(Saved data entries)
# # # #
Lemma fn_eval_fadd n (f g : Fn U n) : fn_eval (fadd f g) = fn_eval f + fn_eval g.
Proof. by elim: n f g => [|n IH] f g; apply/funext => s //=; rewrite IH. Qed.

Lemma fn_eval_fscale n a (f : Fn U n) : fn_eval (fscale a f) = a *: fn_eval f.
Proof. by elim: n f => [|n IH] f; apply/funext => s //=; rewrite IH. Qed.

Lemma fn_eval_fzero n : fn_eval (fzero U n) = 0.
Proof. by elim: n => [|n IH]; apply/funext => s //=; rewrite IH. Qed.

Lemma fn_eval_castF m n (e : m = n) (f : Fn U m) : fn_eval (castF e f) = fn_eval f.
Proof. by case: n / e. Qed.

Lemma fn_eval_inj n : injective (@fn_eval n).
Proof.
elim: n => [|n IH] f g fg; first exact: (congr1 (fun H : sop => H (fun=> 0)) fg).
by apply/funext => x; apply: IH; rewrite -!feed_fn_eval fg.
Qed.

Fixpoint multilinear (n : nat) (F : sop) : Prop :=
  if n is n'.+1 then
    linear (fun x => feed x F) /\
    (forall x, multilinear n' (feed x F))
  else True.

Lemma multilinear_feed n x F : multilinear n.+1 F -> multilinear n (feed x F).
Proof. by case=> _; apply. Qed.

Lemma islin_multilinear n (f : Fn U n) : islin f <-> multilinear n (fn_eval f).
Proof.
elim: n f => [|n IH] f //=; split=> [[fx_lin f_lin] | [f_lin fx_lin]]; split.
- by move=> a x y; rewrite !feed_fn_eval f_lin fn_eval_fadd fn_eval_fscale.
- by move=> x; rewrite feed_fn_eval; apply/IH.
- by move=> x; apply/IH; rewrite -feed_fn_eval.
- move=> a x y; apply: fn_eval_inj.
  by rewrite -!feed_fn_eval fn_eval_fadd fn_eval_fscale f_lin.
Qed.

Fixpoint scirc (a : nat) : nat -> sop -> sop -> sop :=
  fix scirc_a (b : nat) : sop -> sop -> sop :=
    match a, b with
    | 0, _ => fun _ _ => 0
    (* an operator of order 0 is a constant function, the vector [B (fun=> 0)] *)
    | a'.+1, 0 => fun A B => feed (B (fun=> 0)) A
    | a'.+1, b'.+1 => fun A B s =>
        scirc_a b' A (feed (s 0%N) B) (stail s) + scirc a' b (feed (s 0%N) A) B (stail s)
    end.

Lemma scirc0n b A B : scirc 0 b A B = 0.
Proof. by case: b. Qed.

Lemma scircS0 a A B : scirc a.+1 0 A B = feed (B (fun=> 0)) A.
Proof. by []. Qed.

Lemma feed_scircSS a b A B x :
  feed x (scirc a.+1 b.+1 A B) = scirc a.+1 b A (feed x B) + scirc a b.+1 (feed x A) B.
Proof. by []. Qed.

Lemma fn_eval_circ p q (A : Fn U p.+1) (B : Fn U q.+1) :
  fn_eval (circ A B) = scirc p.+1 q.+1 (fn_eval A) (fn_eval B).
Proof.
elim: p q A B => [|p IHp] q; elim: q => [|q IHq] A B; apply: feed_inj => x;
  rewrite feed_fn_eval feed_scircSS ?scirc0n; cbn [circ];
  by rewrite fn_eval_fadd fn_eval_castF ?fn_eval_fzero ?IHp ?IHq.
Qed.

Lemma scirc_linl a b B : linear (fun A => scirc a b A B).
Proof.
move=> k A1 A2; elim: a b A1 A2 B => [|a IHa] b A1 A2 B.
  by rewrite !scirc0n scaler0 addr0.
elim: b A1 A2 B => [|b IHb] A1 A2 B; first by rewrite !scircS0 feed_linear.
by apply: feed_inj => x; rewrite !(feed_linear, feed_scircSS) IHb IHa addrACA -scalerDr.
Qed.

Lemma scirc_linr a b A : multilinear a A -> linear (scirc a b A).
Proof.
move=> + k B1 B2; elim: a b A B1 B2 => [|a IHa] b A B1 B2.
  by rewrite !scirc0n scaler0 addr0.
case=> A_lin feedA_lin; elim: b B1 B2 => [|b IHb] B1 B2; first by rewrite !scircS0 /= A_lin.
apply: feed_inj => x.
by rewrite !(feed_linear, feed_scircSS) IHb (IHa _ _ _ _ (feedA_lin x)) addrACA -scalerDr.
Qed.

Lemma scirc_0l a b B : scirc a b 0 B = 0.
Proof. exact: linear0_of (scirc_linl a b B). Qed.

Lemma scirc_0r a b A : multilinear a A -> scirc a b A 0 = 0.
Proof. by move=> A_ml; apply: linear0_of; apply: scirc_linr. Qed.

Lemma scircDl a b A1 A2 B : scirc a b (A1 + A2) B = scirc a b A1 B + scirc a b A2 B.
Proof. by have := scirc_linl a b B 1 A1 A2; rewrite !scale1r. Qed.

Lemma scircDr a b A B1 B2 : multilinear a A ->
  scirc a b A (B1 + B2) = scirc a b A B1 + scirc a b A B2.
Proof. by move=> A_ml; have := scirc_linr b A_ml 1 B1 B2; rewrite !scale1r. Qed.

Lemma scirc_suml a b I (r : seq I) (P : pred I) (F : I -> sop) B :
  scirc a b (\sum_(i <- r | P i) F i) B = \sum_(i <- r | P i) scirc a b (F i) B.
Proof.
exact: (big_morph (scirc a b ^~ B) (fun A1 A2 => scircDl a b A1 A2 B) (scirc_0l a b B)).
Qed.
(* Let $m,n>0$, let $f$ and $g$ be concave positive real functions on $[0,m]$ and $[0,n]$ respectively, and let $A=\{(x,y): 0\le x\le m,\ 0\le y\le f(x)\}$ and $B=\{(x,y): 0\le x\le n,\ 0\le y\le g(x)\}$. If $C=m\left(\frac{|A|}{m^2}-\frac{|B|}{n^2}\right)\ge 0$ and $f(x)=\frac{m}{n}g(\frac{n}{m}x)+C$ for all $x\in[0,m]$, then $$|A+B|=\left(\frac{|A|}{m}+\frac{|B|}{n}\right)(m+n).$$
   Context: $|X|$ denotes area; $A+B$ is the Minkowski sum. *)

From HB Require Import structures.
From mathcomp Require Import all_boot all_order all_algebra.
From mathcomp Require Import all_classical all_reals all_analysis.
Set Implicit Arguments. Unset Strict Implicit. Unset Printing Implicit Defensive.
Import Order.TTheory GRing.Theory Num.Theory.
Local Open Scope classical_set_scope.
Local Open Scope ring_scope.

Definition concave_on (R : realType) (a b : R) (f : R -> R) : Prop :=
  forall x y t : R, a <= x <= b -> a <= y <= b -> 0 <= t <= 1 ->
    (1 - t) * f x + t * f y <= f ((1 - t) * x + t * y).

Definition subgraph (R : realType) (m : R) (f : R -> R) : set (R * R) :=
  [set p | 0 <= p.1 <= m /\ 0 <= p.2 <= f p.1].

Definition minkowski_sum (R : realType) (A B : set (R * R)) : set (R * R) :=
  [set p | exists a b, A a /\ B b /\ p = (a.1 + b.1, a.2 + b.2)].

Definition area (R : realType) (X : set (R * R)) : \bar R :=
  ((@lebesgue_measure R) \x (@lebesgue_measure R))%E X.

(* With l = m / n, the hypothesis on f says that A is the subgraph over [0, l n]
   of x |-> l g (x / l) + C: a copy of B dilated by l and lifted by C.  For g
   concave and nonnegative, such dilated subgraphs add under Minkowski sum
   (dilation factors and lifts add), since concavity gives
   k1 g(u) + k2 g(v) <= (k1 + k2) g((k1 u + k2 v) / (k1 + k2)).
   So A + B is B dilated by 1 + l and lifted by C, and by Cavalieri and the
   substitution x |-> x / k every such region has area k^2 |B| + c k n. *)

From HB Require Import structures.
From mathcomp Require Import all_boot all_order all_algebra.
From mathcomp Require Import all_classical all_reals all_analysis.
From mathcomp Require Import ring lra measurable_realfun.
Set Implicit Arguments.
Unset Strict Implicit.
Unset Printing Implicit Defensive.
Import Order.TTheory GRing.Theory Num.Theory.
Local Open Scope classical_set_scope.
Local Open Scope ring_scope.

Section ConcaveSubgraphs.
Variable R : realType.
Local Notation mu := (@lebesgue_measure R).

Lemma lebesgue_measure_itv0c (b : R) : 0 <= b -> mu `[0, b] = b%:E.
Proof.
rewrite le_eqVlt => /orP[/eqP <-|b0]; last by rewrite lebesgue_measure_itv /= lte_fin b0 sube0.
by rewrite set_itv1 lebesgue_measure_set1.
Qed.

Lemma concave_ge_between (n : R) (g : R -> R) (a x y z : R) :
  concave_on 0 n g -> 0 <= x -> x <= z <= y -> y <= n ->
  a <= g x -> a <= g y -> a <= g z.
Proof.
move=> cg x0 /andP[xz zy] yn gx gy.
have [exy|nxy] := eqVneq x y.
  by have -> : z = x by apply/le_anti; rewrite xz exy zy.
have yx0 : 0 < y - x by rewrite subr_gt0 lt_neqAle nxy (le_trans xz zy).
pose t := (z - x) / (y - x).
have t0 : 0 <= t by rewrite divr_ge0; lra.
have t1 : t <= 1 by rewrite ler_pdivrMr // mul1r; lra.
have zE : z = (1 - t) * x + t * y by rewrite /t; field; rewrite gt_eqF.
have := cg x y t; rewrite -zE => concave_xy.
apply: le_trans (concave_xy _ _ _); try (apply/andP; lra).
have : 0 <= (1 - t) * (g x - a) by rewrite mulr_ge0 // subr_ge0.
have : 0 <= t * (g y - a) by rewrite mulr_ge0 // subr_ge0.
lra.
Qed.

Lemma concave_measurable_fun (n : R) (g : R -> R) :
  concave_on 0 n g -> measurable_fun `[0, n] g.
Proof.
move=> cg mD; apply: (measurability _ (RGenCInfty.measurableE R)) => //.
move=> _ [_ [a ->] <-]; apply: is_interval_measurable.
move=> x y [xD gx] [yD gy] z /andP[xz zy].
move: xD yD gx gy; rewrite /preimage /= !in_itv /= !andbT => /andP[x0 _] /andP[_ yn] gx gy.
split; first by apply/andP; split; lra.
by apply: (concave_ge_between cg x0 _ yn gx gy); apply/andP.
Qed.

Lemma concave_ge0_le_mid (n : R) (g : R -> R) (x : R) :
  concave_on 0 n g -> (forall y, 0 <= y <= n -> 0 <= g y) ->
  0 <= x <= n -> g x <= 2 * g (n / 2).
Proof.
move=> cg g0 /andP[x0 xn].
have := cg x (n - x) (1 / 2); rewrite (_ : _ * x + _ = n / 2); last by field.
have := g0 (n - x); lra.
Qed.

Lemma concave_integral_fin_num (n : R) (g : R -> R) : 0 <= n ->
  concave_on 0 n g -> (forall x, 0 <= x <= n -> 0 <= g x) ->
  (\int[mu]_(x in `[0%R, n]) (g x)%:E)%E \is a fin_num.
Proof.
move=> n0 cg g0.
have Eg_ge0 (x : R) : x \in `[0, n] -> (0 <= (g x)%:E)%E by rewrite in_itv lee_fin => /g0.
rewrite ge0_fin_numE; last exact: integral_ge0.
apply: (@le_lt_trans _ _ (\int[mu]_(x in `[0%R, n]) (cst (2 * g (n / 2))%:E) x)%E).
  apply: ge0_le_integral => //.
  - by apply/measurable_EFinP; exact: concave_measurable_fun cg.
  - by move=> x; rewrite /= in_itv /= lee_fin => xn; exact: concave_ge0_le_mid.
rewrite integral_cst // [X in (_ * X)%E](_ : _ = n%:E) ?ltry //.
exact: lebesgue_measure_itv0c.
Qed.

Lemma lebesgue_measure_pushforward_divr (k : R) (A : set R) : 0 < k ->
  measurable A -> pushforward mu (fun x : R => x / k) A = (k%:E * mu A)%E.
Proof.
move=> k0 mA.
pose phi := (fun x : R => x / k) : R -> measurableTypeR R.
have mphi : measurable_fun [set: R] phi by exact: mulrr_measurable.
have kV0 : 0 <= k^-1 by rewrite invr_ge0 ltW.
pose kV : {nonneg R} := NngNum kV0.
pose nu := mscale kV
  (measure_function_pushforward__canonical__measure_function_Measure mu mphi).
have -> : mu A = nu A.
  apply: lebesgue_measure_unique mA => _ [[a b] _ <-].
  rewrite /= /mscale /=; unfold pushforward.
  have -> : phi @^-1` `]a, b]%classic = `]a * k, b * k]%classic.
    by apply/seteqP; split => x; rewrite /phi /= !in_itv /= ler_pdivrMr // ltr_pdivlMr.
  rewrite !lebesgue_measure_itv /= !lte_fin ltr_pM2r //.
  case: ifPn => ab; last by rewrite mule0.
  by rewrite -!EFinB -EFinM; congr EFin; field; rewrite gt_eqF.
by rewrite /nu /mscale /= muleA -EFinM mulfV ?mul1e // gt_eqF.
Qed.

Lemma ge0_integral_comp_divr (k n : R) (g : R -> R) : 0 < k ->
  (forall x, 0 <= x <= n -> 0 <= g x) -> measurable_fun `[0, n] g ->
  (\int[mu]_(x in `[0%R, (k * n)%R]) (g (x / k))%:E =
   k%:E * \int[mu]_(x in `[0%R, n]) (g x)%:E)%E.
Proof.
move=> k0 g0 mg.
pose phi := (fun x : R => x / k) : measurableTypeR R -> measurableTypeR R.
have mphi : measurable_fun [set: R] phi by exact: mulrr_measurable.
have -> : `[0, k * n]%classic = phi @^-1` `[0, n]%classic.
  apply/seteqP; split => x; rewrite /phi /= !in_itv /= pmulr_lge0 ?invr_gt0 //;
  by rewrite ler_pdivrMr // mulrC.
have := @ge0_integral_pushforward _ _ _ _ R phi mphi mu `[0, n] (fun y => (g y)%:E).
move=> <- //; last 2 first.
- exact/measurable_EFinP.
- by move=> y; rewrite inE /= in_itv /= lee_fin => /g0.
rewrite (@eq_measure_integral _ _ _ _ (mscale (NngNum (ltW k0)) mu)); last first.
  by move=> A mA _; exact: lebesgue_measure_pushforward_divr.
by rewrite ge0_integral_mscale //; exact/measurable_EFinP.
Qed.

Lemma area_subgraphE (L : R) (h : R -> R) :
  (forall x, 0 <= x <= L -> 0 <= h x) ->
  area (subgraph L h) = (\int[mu]_(x in `[0%R, L]) (h x)%:E)%E.
Proof.
move=> h0; rewrite /area /product_measure1 [RHS]integral_mkcond.
apply: eq_integral => x _ /=; rewrite /patch; case: ifPn => [|xL].
  rewrite inE /= in_itv /= => xL.
  rewrite (_ : xsection _ _ = `[0, h x]%classic); last first.
    apply/seteqP; split => y; rewrite /xsection /= inE /subgraph /= in_itv /=.
      by case=> _ /andP[-> ->].
    by move=> /andP[-> ->]; split.
  exact/lebesgue_measure_itv0c/h0.
rewrite (_ : xsection _ _ = set0) ?measure0 //.
apply/seteqP; split => y //; rewrite /xsection /= inE /subgraph /= => -[xL' _].
by move: xL; rewrite notin_setE /= in_itv /= xL'.
Qed.

Lemma eq_subgraph (L : R) (h1 h2 : R -> R) :
  (forall x, 0 <= x <= L -> h1 x = h2 x) -> subgraph L h1 = subgraph L h2.
Proof.
move=> e; apply/seteqP; split => -[x y] /= [xL yh]; split => //.
  by rewrite -e.
by rewrite e.
Qed.

Lemma divr_itv0c (k n x : R) : 0 < k -> 0 <= x <= k * n -> 0 <= x / k <= n.
Proof.
move=> k0 /andP[x0 xn]; apply/andP; split; first by rewrite divr_ge0 // ltW.
by rewrite ler_pdivrMr // mulrC.
Qed.

Definition dilated_subgraph (n : R) (g : R -> R) (k c : R) : set (R * R) :=
  subgraph (k * n) (fun x => k * g (x / k) + c).

Lemma area_dilated_subgraph (n : R) (g : R -> R) (k c : R) :
  0 <= n -> (forall x, 0 <= x <= n -> 0 <= g x) -> measurable_fun `[0, n] g ->
  0 < k -> 0 <= c ->
  area (dilated_subgraph n g k c) =
  ((k ^+ 2)%:E * \int[mu]_(x in `[0%R, n]) (g x)%:E + (c * (k * n))%:E)%E.
Proof.
move=> n0 g0 mg k0 c0.
have divk_itv x : 0 <= x <= k * n -> 0 <= x / k <= n := divr_itv0c k0.
have kg0 x : 0 <= x <= k * n -> 0 <= k * g (x / k).
  by move=> /divk_itv /g0; apply: mulr_ge0; exact: ltW.
have mgk : measurable_fun `[0, k * n] (fun x => g (x / k)).
  apply: (measurable_comp (F := `[0, n])) => //.
  - by move=> _ [x /= xD <-]; apply: divk_itv; rewrite in_itv in xD.
  - exact: mulrr_measurable.
rewrite area_subgraphE => [|x /kg0 ?]; last exact: addr_ge0.
under eq_integral do rewrite EFinD EFinM.
rewrite ge0_integralD //; last first.
  by apply: emeasurable_funM => //; exact/measurable_EFinP.
rewrite ge0_integralZl //; last 3 first.
- exact/measurable_EFinP.
- by move=> x /= /[1!in_itv] /divk_itv /g0; rewrite lee_fin.
- by rewrite lee_fin ltW.
rewrite ge0_integral_comp_divr // integral_cst //.
rewrite [X in (c%:E * X)%E](_ : _ = (k * n)%:E).
  by rewrite muleA -!EFinM expr2.
by apply: lebesgue_measure_itv0c; rewrite mulr_ge0 // ltW.
Qed.

Lemma concave_weighted_mean (n : R) (g : R -> R) (k1 k2 u v : R) :
  concave_on 0 n g -> 0 < k1 -> 0 < k2 -> 0 <= u <= n -> 0 <= v <= n ->
  k1 * g u + k2 * g v <= (k1 + k2) * g ((k1 * u + k2 * v) / (k1 + k2)).
Proof.
move=> cg k10 k20 u_itv v_itv; have k0 : 0 < k1 + k2 by rewrite addr_gt0.
have t_itv : 0 <= k2 / (k1 + k2) <= 1.
  apply/andP; split; first by apply: divr_ge0; lra.
  by rewrite ler_pdivrMr // mul1r; lra.
have k0' : k1 + k2 != 0 by rewrite gt_eqF.
have := cg u v _ u_itv v_itv t_itv.
have -> : (1 - k2 / (k1 + k2)) * u + k2 / (k1 + k2) * v =
          (k1 * u + k2 * v) / (k1 + k2) by field.
have -> : k1 * g u + k2 * g v =
          (k1 + k2) * ((1 - k2 / (k1 + k2)) * g u + k2 / (k1 + k2) * g v) by field.
by rewrite ler_pM2l.
Qed.

Lemma minkowski_dilated_subgraph (n : R) (g : R -> R) (k1 k2 c1 c2 : R) :
  concave_on 0 n g -> (forall x, 0 <= x <= n -> 0 <= g x) ->
  0 < k1 -> 0 < k2 -> 0 <= c1 -> 0 <= c2 ->
  minkowski_sum (dilated_subgraph n g k1 c1) (dilated_subgraph n g k2 c2) =
  dilated_subgraph n g (k1 + k2) (c1 + c2).
Proof.
move=> cg g0 k10 k20 c10 c20; have k0 : 0 < k1 + k2 by rewrite addr_gt0.
apply/seteqP; split.
- move=> _ [[a1 a2] [[b1 b2] [[a1_itv /andP[a20 a2g]] [[b1_itv /andP[b20 b2g]] ->]]]].
  have := concave_weighted_mean cg k10 k20 (divr_itv0c k10 a1_itv) (divr_itv0c k20 b1_itv).
  rewrite [k1 * (_ / _)]mulrC [k2 * (_ / _)]mulrC !divfK ?gt_eqF //.
  move: a1_itv b1_itv a20 b20 a2g b2g => /= /andP[a10 a1n] /andP[b10 b1n] a20 b20 a2g b2g.
  by rewrite /dilated_subgraph /subgraph /= => concave_ab; split; apply/andP; split; lra.
- move=> [x y] [/= x_itv /andP[y0 yg]].
  pose s := x / (k1 + k2); have s_itv : 0 <= s <= n := divr_itv0c k0 x_itv.
  have gs0 := g0 s s_itv.
  have ks_itv k : 0 < k -> 0 <= k * s <= k * n.
    by move=> k_gt0; rewrite pmulr_rge0 ?ler_pM2l //; case/andP: s_itv.
  have ksK k : 0 < k -> k * s / k = s by move=> k_gt0; rewrite mulrC mulKf ?gt_eqF.
  have xE : x = k1 * s + k2 * s by rewrite -mulrDl /s mulrC divfK ?gt_eqF.
  have gks_ge0 k c : 0 < k -> 0 <= c -> 0 <= k * g s + c.
    by move=> k_gt0 c0; rewrite addr_ge0 // mulr_ge0 // ltW.
  move: yg; rewrite -/s mulrDl => yg.
  have [y_le|y_gt] := leP y (k1 * g s + c1).
  + exists (k1 * s, y), (k2 * s, 0).
    by rewrite /dilated_subgraph /subgraph /= !ksK // -xE addr0 !ks_itv // y0 y_le lexx gks_ge0.
  + exists (k1 * s, k1 * g s + c1), (k2 * s, y - (k1 * g s + c1)).
    rewrite /dilated_subgraph /subgraph /= !ksK // -xE subrKC !ks_itv // lexx gks_ge0 //.
    by do !split => //; apply/andP; split; lra.
Qed.
End ConcaveSubgraphs.

Theorem lemma4p4 (R : realType) (m n : R) (f g : R -> R) :
  0 < m -> 0 < n ->
  concave_on 0 m f -> concave_on 0 n g ->
  (forall x, 0 <= x <= m -> 0 < f x) ->
  (forall x, 0 <= x <= n -> 0 < g x) ->
  let A := subgraph m f in
  let B := subgraph n g in
  let C := m * (fine (area A) / m ^+ 2 - fine (area B) / n ^+ 2) in
  0 <= C ->
  (forall x, 0 <= x <= m -> f x = m / n * g (n / m * x) + C) ->
  area (minkowski_sum A B) =
    ((fine (area A) / m + fine (area B) / n) * (m + n))%:E.
Proof.
move=> m0 n0 _ cg _ gpos A B C C0 fE.
have g0 x : 0 <= x <= n -> 0 <= g x by move/gpos/ltW.
have mn0 : 0 < m / n by rewrite divr_gt0.
have mg := concave_measurable_fun cg.
have A_dil : A = dilated_subgraph n g (m / n) C.
  rewrite /A /dilated_subgraph mulfVK ?gt_eqF //; apply: eq_subgraph => x xm.
  by rewrite fE //; congr (_ * g _ + _); field; rewrite !gt_eqF.
have B_dil : B = dilated_subgraph n g 1 0.
  by rewrite /B /dilated_subgraph mul1r; apply: eq_subgraph => x _; rewrite mul1r divr1 addr0.
have [I IE] : exists I, (\int[lebesgue_measure]_(x in `[0%R, n]) (g x)%:E)%E = I%:E.
  by exists (fine (\int[lebesgue_measure]_(x in `[0%R, n]) (g x)%:E)%E);
    rewrite fineK // concave_integral_fin_num // ltW.
have area_dil k c : 0 < k -> 0 <= c ->
    area (dilated_subgraph n g k c) = (k ^+ 2 * I + c * (k * n))%:E.
  by move=> k0 c0; rewrite area_dilated_subgraph ?IE ?(ltW n0) // -EFinM -EFinD.
rewrite {1}A_dil B_dil minkowski_dilated_subgraph // addr0 A_dil !area_dil ?addr_gt0 //=.
by congr EFin; field; rewrite !gt_eqF.
Qed.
# # # #
• **Work required**:
The lines needed are the ones from the first line of the entries through the line that contains "Lemma feed_scircSS a", given again without any change.

• **Reply to the exercise**:
Lemma fn_eval_fadd n (f g : Fn U n) : fn_eval (fadd f g) = fn_eval f + fn_eval g.
Proof. by elim: n f g => [|n IH] f g; apply/funext => s //=; rewrite IH. Qed.

Lemma fn_eval_fscale n a (f : Fn U n) : fn_eval (fscale a f) = a *: fn_eval f.
Proof. by elim: n f => [|n IH] f; apply/funext => s //=; rewrite IH. Qed.

Lemma fn_eval_fzero n : fn_eval (fzero U n) = 0.
Proof. by elim: n => [|n IH]; apply/funext => s //=; rewrite IH. Qed.

Lemma fn_eval_castF m n (e : m = n) (f : Fn U m) : fn_eval (castF e f) = fn_eval f.
Proof. by case: n / e. Qed.

Lemma fn_eval_inj n : injective (@fn_eval n).
Proof.
elim: n => [|n IH] f g fg; first exact: (congr1 (fun H : sop => H (fun=> 0)) fg).
by apply/funext => x; apply: IH; rewrite -!feed_fn_eval fg.
Qed.

Fixpoint multilinear (n : nat) (F : sop) : Prop :=
  if n is n'.+1 then
    linear (fun x => feed x F) /\
    (forall x, multilinear n' (feed x F))
  else True.

Lemma multilinear_feed n x F : multilinear n.+1 F -> multilinear n (feed x F).
Proof. by case=> _; apply. Qed.

Lemma islin_multilinear n (f : Fn U n) : islin f <-> multilinear n (fn_eval f).
Proof.
elim: n f => [|n IH] f //=; split=> [[fx_lin f_lin] | [f_lin fx_lin]]; split.
- by move=> a x y; rewrite !feed_fn_eval f_lin fn_eval_fadd fn_eval_fscale.
- by move=> x; rewrite feed_fn_eval; apply/IH.
- by move=> x; apply/IH; rewrite -feed_fn_eval.
- move=> a x y; apply: fn_eval_inj.
  by rewrite -!feed_fn_eval fn_eval_fadd fn_eval_fscale f_lin.
Qed.

Fixpoint scirc (a : nat) : nat -> sop -> sop -> sop :=
  fix scirc_a (b : nat) : sop -> sop -> sop :=
    match a, b with
    | 0, _ => fun _ _ => 0
    (* an operator of order 0 is a constant function, the vector [B (fun=> 0)] *)
    | a'.+1, 0 => fun A B => feed (B (fun=> 0)) A
    | a'.+1, b'.+1 => fun A B s =>
        scirc_a b' A (feed (s 0%N) B) (stail s) + scirc a' b (feed (s 0%N) A) B (stail s)
    end.

Lemma scirc0n b A B : scirc 0 b A B = 0.
Proof. by case: b. Qed.

Lemma scircS0 a A B : scirc a.+1 0 A B = feed (B (fun=> 0)) A.
Proof. by []. Qed.

Lemma feed_scircSS a b A B x :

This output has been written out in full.